Share

Bab 2

Author: Ara putri
last update Last Updated: 2024-07-07 22:04:39

"Ngapain lagi kamu di sini? Mau minta uang sama suami saya lagi?!" Teriakan nyaring memenuhi gendang telinga Sarah. Ia mendengus kesal menatap wanita di depannya. 

Wanita yang dinikahi ayahnya tiga tahun lalu dan meninggalkan ibunya. Setahun berselang ibunya meninggal karena tak kuat menahan kesedihan. Yang lebih gilanya setelah ibunya meninggal ayahnya datang untuk mengambil semua uang dan harta benda ibunya tanpa meninggalkan apapun pada Sarah.

Jika bukan karena sakitnya, ia tidak akan sudi datang bertemu dengan pria ini lagi. Tapi hati kecilnya masih berharap ada setitik rasa ayahnya untuk peduli padanya.

"Apa salahnya aku minta uang, toh dia ayah aku juga. Kamu gak berhak ngelarang ya, Tan."

"Halah, mau jadi benalu kamu. Gak ada uang satu sen buat kamu, kalau berani bapakmu itu kasih ku ceraikan saja dia sekalian!"

Sarah mengusap dadanya, sunguh kerang ajar sekali mulut ibu tirinya ini, bahkan tidak takut mengatakan cerai hanya untuk menakuti suaminya. Mana bapaknya gak berani menegur sedikitpun lagi, Sarah menatap miris sang ayah. Padahal bersama ibunya dulu suka kali bentak-bentak, giliran sama istri mudanya aja gak berkutik sedikitpun.

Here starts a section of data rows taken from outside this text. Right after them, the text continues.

(* Let $\varepsilon>0$, let $y\in L^\infty((E_{\min},E_{\max})\times\Sigma)$ be positive, and set $s_i=\sqrt{\mathscr D^*\big(\int_{E_{\min}}^{E_{\max}}y\,g_i\,dE\big)}$ on $\Omega$, $i=1,\dots,N$; assume each $s_i$ is bounded and bounded away from zero on $\Omega$. On $L^2(\Omega;\mathbb R^N)$ define the quadratic form $$Q_y(\boldsymbol\psi,\boldsymbol\psi)=\frac12\int_\Sigma\big(\mathscr D(\boldsymbol\psi/\boldsymbol s)\big)^TG\,\mathscr D(\boldsymbol\psi/\boldsymbol s)\,d\mathcal H^n,$$ where $\boldsymbol\psi/\boldsymbol s=(\psi_1/s_1,\dots,\psi_N/s_N)$ and $\mathscr D$ is applied componentwise, and let $\lambda_y=\sup_{\|\boldsymbol\psi\|_{L^2}\le1}Q_y(\boldsymbol\psi,\boldsymbol\psi)$, assumed finite. Let $\boldsymbol w^{\mathrm{old}},\boldsymbol w^{\mathrm{new}}\in L^\infty(\Omega;[0,1]^N)$ and define $$A^\varepsilon=\int_\Omega\sum_{i=1}^N\frac{\mathscr D^*\big(\int_{E_{\min}}^{E_{\max}}y\,g_i\,dE\big)\,(w^{\mathrm{new}}_i-w^{\mathrm{old}}_i)^2}{w^{\mathrm{old}}_i+\varepsilon}\,dx,\qquad C=\frac12\int_\Sigma\big(\mathscr D(\boldsymbol w^{\mathrm{new}}-\boldsymbol w^{\mathrm{old}})\big)^TG\,\mathscr D(\boldsymbol w^{\mathrm{new}}-\boldsymbol w^{\mathrm{old}})\,d\mathcal H^n.$$ If $C>0$, then $\dfrac{A^\varepsilon}{C}\ge\dfrac1{1+\varepsilon}\,\dfrac1{\lambda_y}$.
   Context: Setting: $n\in\{2,3\}$, $\Omega\subset\mathbb R^n$ nonempty bounded open; $\xi\subset\mathbb R^n\setminus\overline\Omega$ a compact smooth curve of finite length without self-intersections; $L^+_{x,\theta}=\{x+s\theta:s\ge0\}$; $\Sigma=\{(x,\theta)\in\xi\times\mathbb S^{n-1}:\mathcal H^1(L^+_{x,\theta}\cap\Omega)>0\}$ with measure $\mathcal H^n$; $\mathscr Du(x,\theta)=\int_{L^+_{x,\theta}}u\,d\mathcal H^1$ ($u$ extended by $0$ outside $\Omega$), with dual $\mathscr D^*h(z)=\int_\xi|z-x|^{1-n}h\big(x,\tfrac{z-x}{|z-x|}\big)\,d\mathcal H^1(x)$ for $z\in\Omega$ ($h$ extended by $0$ off $\Sigma$). $0<E_{\min}<E_{\max}$; $I_0:[E_{\min},E_{\max}]\to[0,\infty)$ Lebesgue integrable; $g_1,\dots,g_N:[E_{\min},E_{\max}]\to[0,\infty)$ bounded measurable, $\boldsymbol g=(g_1,\dots,g_N)$; $G=\int_{E_{\min}}^{E_{\max}}I_0\,\boldsymbol g\otimes\boldsymbol g\,dE\in\mathbb R^{N\times N}$. *)

From HB Require Import structures.
From mathcomp Require Import all_boot all_order all_algebra.
From mathcomp Require Import all_classical all_reals all_analysis.
Set Implicit Arguments. Unset Strict Implicit. Unset Printing Implicit Defensive.
Import Order.TTheory GRing.Theory Num.Theory.
Import numFieldNormedType.Exports.
Local Open Scope classical_set_scope.
Local Open Scope ring_scope.

(* R^n is represented by row vectors 'rV[R]_n.  We equip it with the        *)
(* product (= Borel) sigma-algebra generated by the coordinate maps, exactly *)
(* as mathcomp-analysis does for n.-tuple.                                  *)
Definition rV_display : measure_display -> measure_display.
Proof. exact. Qed.

Section measurable_rV.
Context (R : realType) (n : nat).
Let coord : 'I_n -> 'rV[R]_n -> R := fun i x => x ord0 i.
Let s0 : g_sigma_preimage coord set0.
Proof. exact: sigma_algebra0. Qed.
Let sC A : g_sigma_preimage coord A -> g_sigma_preimage coord (~` A).
Proof. exact: sigma_algebraC. Qed.
Let sU (F : _^nat) : (forall i, g_sigma_preimage coord (F i)) ->
  g_sigma_preimage coord (\bigcup_i (F i)).
Proof. exact: sigma_algebra_bigcup. Qed.
HB.instance Definition _ := @isMeasurable.Build (rV_display default_measure_display)
  'rV[R]_n (g_sigma_preimage coord) s0 sC sU.
End measurable_rV.

Section setting.
Context (R : realType) (n : nat).
Local Notation V := 'rV[R]_n.

(* Euclidean norm on R^n (the library norm on 'rV is the sup norm). *)
Definition enorm (v : V) : R := Num.sqrt (\sum_(i < n) v ord0 i ^+ 2).

Definition sphere : set V := [set th | enorm th = 1].

Definition ext0 (T : Type) (D : set T) (f : T -> R) : T -> R :=
  fun x => if `[< D x >] then f x else 0.

(* mu is the Lebesgue measure of R^n: it gives every half-open box its   *)
(* volume (this determines mu on the Borel sets of R^n).                  *)
Definition is_lebesgue_rV (mu : {measure set V -> \bar R}) : Prop :=
  forall a b : V, (forall i, a ord0 i <= b ord0 i) ->
    mu [set x | forall i, a ord0 i < x ord0 i <= b ord0 i] =
    (\prod_(i < n) (b ord0 i - a ord0 i))%:E.
Lemma connect_tail p q : connect tail p q = connect e (tail_proj p) (tail_proj q).
Proof.
apply/idP/idP.
  apply: connect_homo => {p q} [[x|i] [y|j]] /=; first exact: connect1.
  - by case/andP => /eqP -> _; exact: connect0.
  - by case/andP => /eqP -> _; exact: connect0.
  - by move=> _; exact: connect0.
have to_proj r : connect tail r (inl (tail_proj r)).
  by case: r => [x|i]; rewrite ?connect0 // (sym_connect_sym tail_sym) connect_tail_root.
have inl_edge x y : e x y -> connect tail (inl x) (inl y) by exact: connect1.
move/(connect_homo inl_edge) => pq.
apply: connect_trans (to_proj p) (connect_trans pq _).
by rewrite (sym_connect_sym tail_sym).
Qed.

Lemma component_tail p :
  component tail p = [set q | tail_proj q \in component e (tail_proj p)].
Proof. by apply/setP => q; rewrite !inE connect_tail. Qed.

Lemma tail_off_cycle (c : seq (T + 'I_l)) :
  uniq c -> 2 < size c -> cycle tail c -> forall j, inr j \notin c.
Proof.
move=> uc c3 cc j0; apply/negP => j0c.
case: (@arg_maxnP _ j0 (fun j => inr j \in c) val j0c) => i ic i_max.
have le_i j : inr j \in c -> j <= i by move/i_max.
have one_nbr : {in c &, forall q1 q2, tail (inr i) q1 -> tail (inr i) q2 -> q1 = q2}.
  move=> [x1|j1] [x2|j2] c1 c2 /=.
  - by move=> /andP [/eqP -> _] /andP [/eqP -> _].
  - by have := le_i _ c2; move=> ? /andP [_ /eqP] ? /orP [] /eqP ?; exfalso; lia.
  - by have := le_i _ c1; move=> ? /orP [] /eqP ? /andP [_ /eqP] ?; exfalso; lia.
  - have := le_i _ c1; have := le_i _ c2.
    move=> ? ? /orP [] /eqP ? /orP [] /eqP ?; try (exfalso; lia).
    by congr inr; apply: ord_inj; lia.
have next_in : next c (inr i) \in c by rewrite mem_next.
have prev_in : prev c (inr i) \in c by rewrite mem_prev.
have prev_nbr : tail (inr i) (prev c (inr i)) by rewrite tail_sym; exact: prev_cycle.
have := next_neq_prev uc c3 ic.
by rewrite (one_nbr _ _ next_in prev_in (next_cycle cc ic) prev_nbr) eqxx.
Qed.

Lemma tail_acyclic (C : {set T}) :
  ~ has_cycle_on e C -> ~ has_cycle_on tail [set q | tail_proj q \in C].
Proof.
move=> noC [c [c3 uc cC cc]]; apply: noC.
have [c0 def_c] : exists c0, c = map inl c0.
  exists (map tail_proj c); rewrite -map_comp map_id_in // => -[x|j] // jc.
  by have := tail_off_cycle uc c3 cc j; rewrite jc.
subst c; exists c0; split.
- by rewrite size_map in c3.
- by rewrite (map_inj_uniq inl_inj) in uc.
- by move: cC; rewrite all_map; apply: sub_all => x; rewrite /= inE.
- by rewrite cycle_map in cc.
Qed.

End Tail.

Section IntervalRepresentation.

Variables (T : finType) (e : rel T).

Local Open Scope R_scope.

Lemma Rmax_le_Rmin (p q r s : R) :
  Rmax p q <= Rmin r s <-> p <= r /\ p <= s /\ q <= r /\ q <= s.
Proof. unfold Rmax, Rmin; destruct (Rle_dec p q), (Rle_dec r s); intuition lra. Qed.

Definition proper_interval_rep (C : {set T}) (a b : T -> R) :=
  (forall x, x \in C -> a x <= b x) /\
  (forall x y, x \in C -> y \in C -> x != y ->
     (e x y <-> Rmax (a x) (a y) <= Rmin (b x) (b y))) /\
  (forall x y, x \in C -> y \in C ->
     ~ (a y <= a x /\ b x <= b y /\ (a x <> a y \/ b x <> b y))).

Definition rightmost_interval (C : {set T}) (a b : T -> R) v :=
  a v < b v /\ forall x, x \in C -> x != v -> b x < b v.

Lemma proper_interval_rep_opp C a b :
  proper_interval_rep C a b -> proper_interval_rep C (fun x => - b x) (fun x => - a x).
Proof.
move=> [ab [adj nest]]; split; [|split].
- by move=> x /ab; lra.
- move=> x y xC yC xy; rewrite (adj x y xC yC xy) !Rmax_le_Rmin; intuition lra.
- move=> x y xC yC [? [? nxy]]; apply: (nest x y xC yC); split; [lra|split; [lra|]].
  case: nxy => ?; [right|left]; lra.
Qed.

End IntervalRepresentation.

Section Pendant.

Variables (T : finType) (e : rel T) (v w : T).
Hypotheses (se : symmetric e) (ie : irreflexive e).
Hypotheses (evw : e v w) (v_nbr : forall y, e v y -> y = w).

Local Notation C := (component e v).
Local Open Scope R_scope.

Let vC : v \in C. Proof. by rewrite inE connect0. Qed.
Let wC : w \in C. Proof. by rewrite inE connect1. Qed.
Let vw : v != w. Proof. by apply: contraTneq evw => <-; rewrite ie. Qed.

Lemma left_of_pendant a b : proper_interval_rep e C a b -> b w <= b v ->
  forall x, x \in C -> x != v -> x != w -> b x < a v.
Proof.
move=> [ab [adj _]] bwv x; rewrite inE => vx.
suff: x = v \/ x = w \/ b x < a v by case=> [->|[->|//]]; rewrite eqxx.
move: x vx; apply: connect_ind => [|y z vy yz IHy]; first by left.
have yC : y \in C by rewrite inE.
have zC : z \in C by rewrite inE (connect_trans vy (connect1 yz)).
case: (eqVneq z v) => [->|zv]; first by left.
case: (eqVneq z w) => [->|zw]; first by right; left.
right; right.
have byv : b y <= b v.
  case: IHy => [yv|[->//|]]; last by have := ab v vC; lra.
  by move: yz; rewrite yv => /v_nbr zw'; rewrite zw' eqxx in zw.
have yz' : y != z by apply: contraTneq yz => ->; rewrite ie.
have := (adj y z yC zC yz').1 yz; rewrite Rmax_le_Rmin => -[_ [_ [azby _]]].
(* Otherwise z would meet v, as a z <= b y <= b v. *)
apply: Rnot_le_lt => avbz; apply/(negP zw)/eqP/v_nbr.
apply/(adj v z vC zC); first by rewrite eq_sym.
by rewrite Rmax_le_Rmin; have := ab v vC; have := ab z zC; intuition lra.
Qed.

"Yah, ajarin kenapa istri ayah ini. Aku kesini cuma sekali setelah berbulan-bulan, apa gak ada kasih sayang ayah untuk aku sedikit pun? Bahkan menanyakan kabar ku aja enggak. Aku anak ayah bukan sih?" 

Pria yang di panggil ayah oleh Sarah itu menarik nafas panjang. "Udah lah, Sar. Ayah capek bertengkar dengan istri ayah cuma gara-gara kamu. Lagi pula kamu udah besar, udah bisa cari duit sendiri. Gak usah cari ayah lagi ya," 

Sungguh kejam sekali kata-katanya, Sarah benar-benar tak menyangka jawaban ayahnya seperti ini. Setidaknya pura-pura senang saja bertemu dengan dia apa salahnya?

"Ayah buang aku demi keluarga baru ayah?" Sarah menatap hampa, "aku ke sini juga karena ayah rampas semua harta ibu. Aku gak akan kesusahan kayak gini kalau ayah memberikan uang peninggalan ibu padaku."

"Uang apa?! Uang itu suamiku juga yang mencarinya dulu, kamu gak berhak mendapatkannya!" Pekik Rossi tak senang.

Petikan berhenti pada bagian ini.